Figure 11a–c show the morphology of the hydrated cement products after 1 day. As observed from Figure 11, both C-S-H and Ca(OH)2 crystal were obvious in the cement hydration products. On incorporating the crosslinked-PC in the cement, a large extent of the C-S-H gel was attached on the surface of the Ca(OH)2 crystals. During the early hydration stage, the hydration products were needle-like AFt phase, square Ca(OH)2 crystal and amorphous C-S-H gel. The cement slurry was in a plastic state, and the porosity was largely retained. However, the crystals were too small to connect with each other to result in a steady state. Comparing the effect of the comb-like-PC and crosslinked-PC on the cement hydration process, it could be concluded that the crosslinked-PC retarded the hydration of cement and provided a dense structure during the hydration process. After hydration for 7 days (Figure 11a’–c’), the hydration products connected with each other to form a less porous network structure, with the paste gaining strength. The SEM analysis further confirmed that the crosslinked-PC was more efficient in retarding the hydration of the cement paste, which was consistent with the WAXD results. It is speculated that a certain amount of the crosslinked-PC can postpone the cement hydration process.

Figure 11

SEM micrographs of cement samples after hydration for 1 day (a–c) and 7 days (a’–c’) with a magnification of 5000.

4. Conclusions

In this study, a pentaerythritol tetraacrylate-based crosslinked-PC has been successful synthesized.
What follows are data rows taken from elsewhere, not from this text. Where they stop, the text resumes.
Lemma run_LoadP i r P : run I eps (LoadP i r P) m = delay 1 (run I eps P (upd m r (prof I i))).
Proof. cbn; now destruct run. Qed.

Lemma run_LoadW i r P : run I eps (LoadW i r P) m = delay 1 (run I eps P (upd m r (wgt I i))).
Proof. cbn; now destruct run. Qed.

Lemma run_LoadB t r P : run I eps (LoadB t r P) m = delay 1 (run I eps P (upd m r (cap I t))).
Proof. cbn; now destruct run. Qed.

Lemma run_LoadEps r P : run I eps (LoadEps r P) m = delay 1 (run I eps P (upd m r eps)).
Proof. cbn; now destruct run. Qed.

Lemma run_LoadNat q r P : run I eps (LoadNat q r P) m = delay 1 (run I eps P (upd m r (INR q))).
Proof. cbn; now destruct run. Qed.

Lemma run_Arith o d a b P :
  run I eps (Arith o d a b P) m = delay 1 (run I eps P (upd m d (aop_sem o (m a) (m b)))).
Proof. cbn; now destruct run. Qed.

Lemma run_Test a b k :
  run I eps (Test a b k) m = delay 1 (run I eps (k (if Rle_dec (m a) (m b) then true else false)) m).
Proof. cbn; now destruct run. Qed.

End Run.

Lemma run_cost_ge I eps P m : (n_items I * n_times I <= snd (run I eps P m))%nat.
Proof.
  revert m; induction P; intro m;
    rewrite ?run_LoadP, ?run_LoadW, ?run_LoadB, ?run_LoadEps, ?run_LoadNat, ?run_Arith,
      ?run_Test; cbn [delay snd]; auto.
  all: match goal with IH : forall _ : nat -> R, _ |- context [run _ _ _ ?mm] =>
         specialize (IH mm); lia
       | IH : forall _ : bool, forall _ : nat -> R, _ |- context [run _ _ (?k ?b) ?mm] =>
         specialize (IH b mm); lia end.
Qed.
(* Let $n\ge 3$ and $S_n$ be as defined below. Then $S_n$ is cancellative and it has a group of fractions $G$ equal to the central localization $S_n\langle a_1a_2\cdots a_n\rangle^{-1}$. Moreover $G\cong F\times C$, where $F=\operatorname{gr}(a_1,\dots,a_{n-1})\subseteq G$ is a free group of rank $n-1$ and $C=\operatorname{gr}(a_1a_2\cdots a_n)\subseteq G$ is an infinite cyclic group.
   Context: For $n\ge 3$, $S_n$ denotes the monoid with generators $a_1,\dots,a_n$ and defining relations $a_1a_2\cdots a_n=a_{\sigma(1)}a_{\sigma(2)}\cdots a_{\sigma(n)}$ for all $\sigma$ in the cyclic subgroup of $\operatorname{Sym}_n$ generated by the cycle $(1,2,\dots,n)$. $\operatorname{gr}(b_1,\dots,b_m)$ denotes the subgroup generated by $b_1,\dots,b_m$, and $\langle z\rangle$ denotes the submonoid generated by $z$. *)

From mathcomp Require Import all_boot.
Set Implicit Arguments. Unset Strict Implicit. Unset Printing Implicit Defensive.

(** * The monoid S_n, presented by words over the alphabet 'I_n.
    Letter i : 'I_n stands for the generator a_(i+1). *)

Definition zword (n : nat) : seq 'I_n := enum 'I_n.

(** The defining relations: a_1...a_n = a_{σ(1)}...a_{σ(n)} for σ = (1 2 ... n)^k,
    i.e. the word a_1...a_n equals each of its cyclic rotations [rot k]. *)
Inductive cong (n : nat) : seq 'I_n -> seq 'I_n -> Prop :=
| cong_rel : forall (u v : seq 'I_n) (k : nat),
    cong (u ++ rot k (zword n) ++ v) (u ++ zword n ++ v)
| cong_refl : forall u, cong u u
| cong_sym : forall u v, cong u v -> cong v u
| cong_trans : forall u v w, cong u v -> cong v w -> cong u w.

Record Grp := {
  gcar :> Type;
  gmul : gcar -> gcar -> gcar;
  gone : gcar;
  ginv : gcar -> gcar;
  gmulA : forall x y z, gmul x (gmul y z) = gmul (gmul x y) z;
  gmul1 : forall x, gmul gone x = x;
  gmulV : forall x, gmul (ginv x) x = gone
}.

Arguments gmul {g}.
Arguments gone {g}.
Arguments ginv {g}.

Fixpoint gpow (G : Grp) (x : G) (m : nat) : G :=
  if m is m'.+1 then gmul x (gpow x m') else gone.

(** Evaluation of a signed word ((i, true) = b_i^{-1}, (i, false) = b_i). *)
Definition geval (G : Grp) (I : Type) (b : I -> G) (s : seq (I * bool)) : G :=
  foldr (fun p acc => gmul (if p.2 then ginv (b p.1) else b p.1) acc) gone s.

Fixpoint reduced (I : eqType) (s : seq (I * bool)) : bool :=
  match s with
  | x :: ((y :: _) as t) => ~~ ((x.1 == y.1) && (x.2 != y.2)) && reduced t
  | _ => true
  end.

Definition gen_sub (G : Grp) (I : Type) (b : I -> G) (g : G) : Prop :=
  exists s : seq (I * bool), g = geval b s.

Definition free_of_rank (G : Grp) (F : G -> Prop) (r : nat) : Prop :=
  exists b : 'I_r -> G,
    (forall i, F (b i)) /\
    (forall g, F g -> gen_sub b g) /\
    (forall s : seq ('I_r * bool), reduced s -> geval b s = gone -> s = [::]).

Definition cyc_sub (G : Grp) (x : G) (g : G) : Prop :=
  exists m : nat, g = gpow x m \/ g = ginv (gpow x m).

Definition gensF (n : nat) : 'I_n.-1 -> seq 'I_n :=
  fun i => [:: widen_ord (leq_pred n) i].

From mathcomp Require Import all_boot.
From Stdlib Require Import ZArith Lia.
Set Implicit Arguments. Unset Strict Implicit. Unset Printing Implicit Defensive.

(** Write n = n'.+1, z = a_1 ... a_n, and let F be the free group on
    b_1, ..., b_(n-1).  The group of fractions is modelled concretely as
    G := F x Z (reduced signed words paired with an integer), and the letters
    are sent to  a_i |-> b_i  for i < n  and  a_n |-> (b_1 ... b_(n-1))^-1 t,
    t the generator of Z.  Then z |-> t is central, so every cyclic rotation
    of z (a conjugate of z) also maps to t: this defines a monoid morphism
    emb : S_n -> G, and the statements about F, C = <t> and fractions are
    direct computations in F x Z.

    The heart of the proof is the injectivity of emb, proved with normal
    forms: pairs (w, k), read w z^k, where the word w contains no cyclic
    rotation of z as a factor.  Left multiplication by a letter acts on normal
    forms (nf_cons: prepend, and cancel a rotation of z if one appears); the
    letters a_i, i < n, act invertibly, and the whole word z acts by
    k |-> k + 1.  Hence G acts on normal forms, the orbit of ([::], 0) under
    emb u is the normal form of u, and equal images force congruent words.
    Cancellativity of S_n then follows from cancellation in G.

    Nothing in the argument needs n >= 3: it works for every n >= 1. *)

Section GroupFacts.
Variable G : Grp.
Implicit Types x y : G.

Lemma gmulVr x : gmul x (ginv x) = gone.
Proof.
have -> : gmul x (ginv x) = gmul (gmul (ginv (ginv x)) (ginv x)) (gmul x (ginv x)).
  by rewrite gmulV gmul1.
by rewrite -gmulA (gmulA (ginv x) x) gmulV gmul1 gmulV.
Qed.

Lemma gmul1r x : gmul x gone = x.
Proof. by rewrite -(gmulV x) gmulA gmulVr gmul1. Qed.

Lemma gmulKl x y : gmul (ginv x) (gmul x y) = y.
Proof. by rewrite gmulA gmulV gmul1. Qed.

Lemma gmul_cancel_l x y y' : gmul x y = gmul x y' -> y = y'.
Proof. by move=> h; rewrite -(gmulKl x y) h gmulKl. Qed.

Lemma gmul_cancel_r x x' y : gmul x y = gmul x' y -> x = x'.
Proof.
by move=> h; rewrite -(gmul1r x) -(gmulVr y) gmulA h -gmulA gmulVr gmul1r.
Qed.

Lemma geval_cons (I : Type) (b : I -> G) p s :
  geval b (p :: s) = gmul (if p.2 then ginv (b p.1) else b p.1) (geval b s).
Proof. by []. Qed.

End GroupFacts.

Lemma split_at_mismatch (A : eqType) (t s : seq A) : ~~ prefix t s ->
  exists2 p, p < size t &
    exists s', s = take p t ++ s' /\ ohead s' != ohead (drop p t).
Proof.
elim: t s => [|c t IH] s; first by rewrite prefix0s.
case: (eqVneq (ohead s) (Some c)) => [|hs _]; last by exists 0 => //; exists s.
case: s => //= d s [->]; rewrite eqxx /= => /IH [p hp [s' [-> hs']]].
by exists p.+1 => //; exists s'.
Qed.

Lemma prefix_mismatch (A : eqType) (s t w : seq A) (c : A) :
  ohead w != Some c -> ~~ prefix (s ++ c :: t) (s ++ w).
Proof.
rewrite prefix_catr // eqxx /=.
by case: w => //= d w hd; case: eqP => //= cd; rewrite cd eqxx in hd.
Qed.

Section NormalForms.
Variable n' : nat.
Local Notation n := n'.+1.
Local Notation T := 'I_n.
Local Notation z := (zword n).

(** Letter x : 'I_n is a_(x+1); the rotation of z starting at letter x is
    rot x z = x :: rest x, where rest x = a_(x+2) ... a_n a_1 ... a_x.
    In S_n, x (rest x) = z, so rest x plays the role of x^-1 z. *)
Lemma size_z : size z = n.
Proof. exact: size_enum_ord. Qed.

Lemma drop_z (j : T) : drop j z = j :: drop j.+1 z.
Proof. by rewrite (drop_nth j) ?size_z // nth_ord_enum. Qed.

Definition rest (x : T) : seq T := drop x.+1 z ++ take x z.

Lemma rotz_cons (x : T) : rot x z = x :: rest x.
Proof. by rewrite /rot drop_z. Qed.

Lemma size_rest x : size (rest x) = n'.
Proof. by have := size_rot x z; rewrite rotz_cons size_z => -[]. Qed.

Lemma rot_rotz (x : T) k : exists y : T, rot k (rot x z) = rot y z.
Proof.
rewrite rot_rot_add; set r := rot_add _ _ _.
have : r <= n by rewrite -[X in _ <= X]size_z leq_rot_add.
rewrite leq_eqVlt => /orP [/eqP e | h]; last by exists (Ordinal h).
by exists ord0; rewrite e rot_oversize ?size_z // rot0.
Qed.

Lemma rot_rotz_cons (x : T) k a t : rot k (rot x z) = a :: t -> t = rest a.
Proof. by have [y ->] := rot_rotz x k; rewrite rotz_cons => -[<- <-]. Qed.

(** [zfree w]: no factor of w is a cyclic rotation of z (at each position, the
    letter a is not followed by rest a). *)
Fixpoint zfree (w : seq T) : bool :=
  if w is a :: w' then ~~ prefix (rest a) w' && zfree w' else true.

(** Left multiplication of the normal form (w, k) by the letter x, and by its
    inverse x^-1 = (rest x) z^-1. *)
Definition nf_cons (x : T) (t : seq T * Z) : seq T * Z :=
  let: (w, k) := t in
  if prefix (rest x) w then (drop n' w, (k + 1)%Z) else (x :: w, k).

Definition nf_uncons (x : T) (t : seq T * Z) : seq T * Z :=
  let: (w, k) := t in
  if ohead w == Some x then (behead w, k) else (rest x ++ w, (k - 1)%Z).

Lemma zfree_drop k w : zfree w -> zfree (drop k w).
Proof. by elim: w k => [|a w IH] [|k] //= /andP [_ /IH]. Qed.

Lemma zfree_nf_cons x t : zfree t.1 -> zfree (nf_cons x t).1.
Proof. by case: t => w k /= hw; case: ifPn => /= [_ | ->]; [exact: zfree_drop | ]. Qed.

(** Prepending rest x to a z-free word not starting with x creates no rotation
    of z: such a rotation would have to continue rest x with the letter x. *)
Lemma zfree_rest_cat (x : T) w :
  zfree w -> ohead w != Some x -> zfree (rest x ++ w).
Proof.
move=> hw hx; rewrite -[rest x]drop0.
suff : forall s j, s = drop j (rest x) -> zfree (s ++ w) by apply.
elim=> [|a s IH] j // ha; rewrite cat_cons /=; apply/andP; split; last first.
  by apply: (IH j.+1); rewrite -[j.+1]add1n -drop_drop -ha drop1.
have hj : j < size (rest x).
  by rewrite ltnNge; apply/negP => /drop_oversize hd; rewrite hd in ha.
have erot : rot j.+1 (rot x z) = a :: s ++ x :: take j (rest x).
  have ex : x :: rest x = (x :: take j (rest x)) ++ a :: s.
    by rewrite ha cat_cons cat_take_drop.
  have hs : size (x :: take j (rest x)) = j.+1 by rewrite /= size_takel // ltnW.
  by rewrite rotz_cons ex -hs rot_size_cat.
by rewrite -(rot_rotz_cons erot) prefix_mismatch.
Qed.

Lemma zfree_nf_uncons x t : zfree t.1 -> zfree (nf_uncons x t).1.
Proof.
case: t => w k /= hw; case: ifPn => /= [_ | hx]; last exact: zfree_rest_cat.
by case: w hw {k} => //= a w /andP [].
Qed.

Lemma nf_cons_uncons x t : zfree t.1 -> nf_cons x (nf_uncons x t) = t.
Proof.
case: t => w k /= hw; case: ifPn => [|_].
  by case: w hw => //= a w /andP [hw _] /eqP [<-]; rewrite (negbTE hw).
by rewrite /= prefix_prefix drop_size_cat ?size_rest //; congr pair; lia.
Qed.

Lemma nf_uncons_cons x t : zfree t.1 -> nf_uncons x (nf_cons x t) = t.
Proof.
case: t => w k /= hw; case: ifPn => [/prefixP [w2 ew] | _]; last by rewrite /= eqxx.
rewrite ew drop_size_cat ?size_rest //=; case: ifPn => [hx | _]; last first.
  by congr pair; lia.
(* otherwise w = rest x ++ x :: w3 starts with the rotation rest x ++ [:: x] *)
exfalso; case: w2 ew hx => //= b w3 ew /eqP [eb]; subst b.
have : rot 1 (rot x z) = rest x ++ [:: x] by rewrite rotz_cons rot1_cons cats1.
case: (rest x) ew => [|a t] ew /= /rot_rotz_cons ea.
  by move: hw; rewrite ew /= -ea prefix0s.
by move: hw; rewrite ew /= -ea -[x :: w3]cat1s catA prefix_prefix.
Qed.

Lemma take_z (p : T) j : p < j -> exists t, take j z = take p z ++ p :: t.
Proof.
move=> hpj; case e: (j - p) => [|m]; first by move: hpj; rewrite -subn_gt0 e.
exists (take m (drop p.+1 z)).
by rewrite -(subnKC (ltnW hpj)) e takeD drop_z.
Qed.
In comparison with the comb-like-PC, the crosslinked-PC exhibited a higher dispersive capacity. At the dosage of 0.6% bwoc, the fluidity of the cement/crosslinked-PC paste was about 340 mm, which was 40~50 mm larger than the cement/comb-like-PC paste. The dispersion retention capacity of the cement/crosslinked-PC paste was observed to be much superior due to higher adsorbed amounts on the cement particles. Moreover, the cement/crosslinked-PC paste exhibited the initial and final setting durations of 196 and 356 min, respectively, which indicated an enhancement of 18 and 68 min compared to the cement/comb-like paste. The crosslinked copolymers exhibit a stronger retardation effect than the comb-like copolymers due to their enhanced adsorbed amounts and stronger steric hindrance effect. Moreover, the compressive strengths of the cement/crosslinked-PC were similar and the highest compressive strength of 60 MPa was obtained at the dosage of 0.2% bwoc. Thus, it is feasible to improve the dispersive capacity and the dispersion retention capacity of PC by changing the molecular structure from comb-like to slightly crosslinked. The findings reported in this study exhibit the potential for expanding the preparation method of the PCs.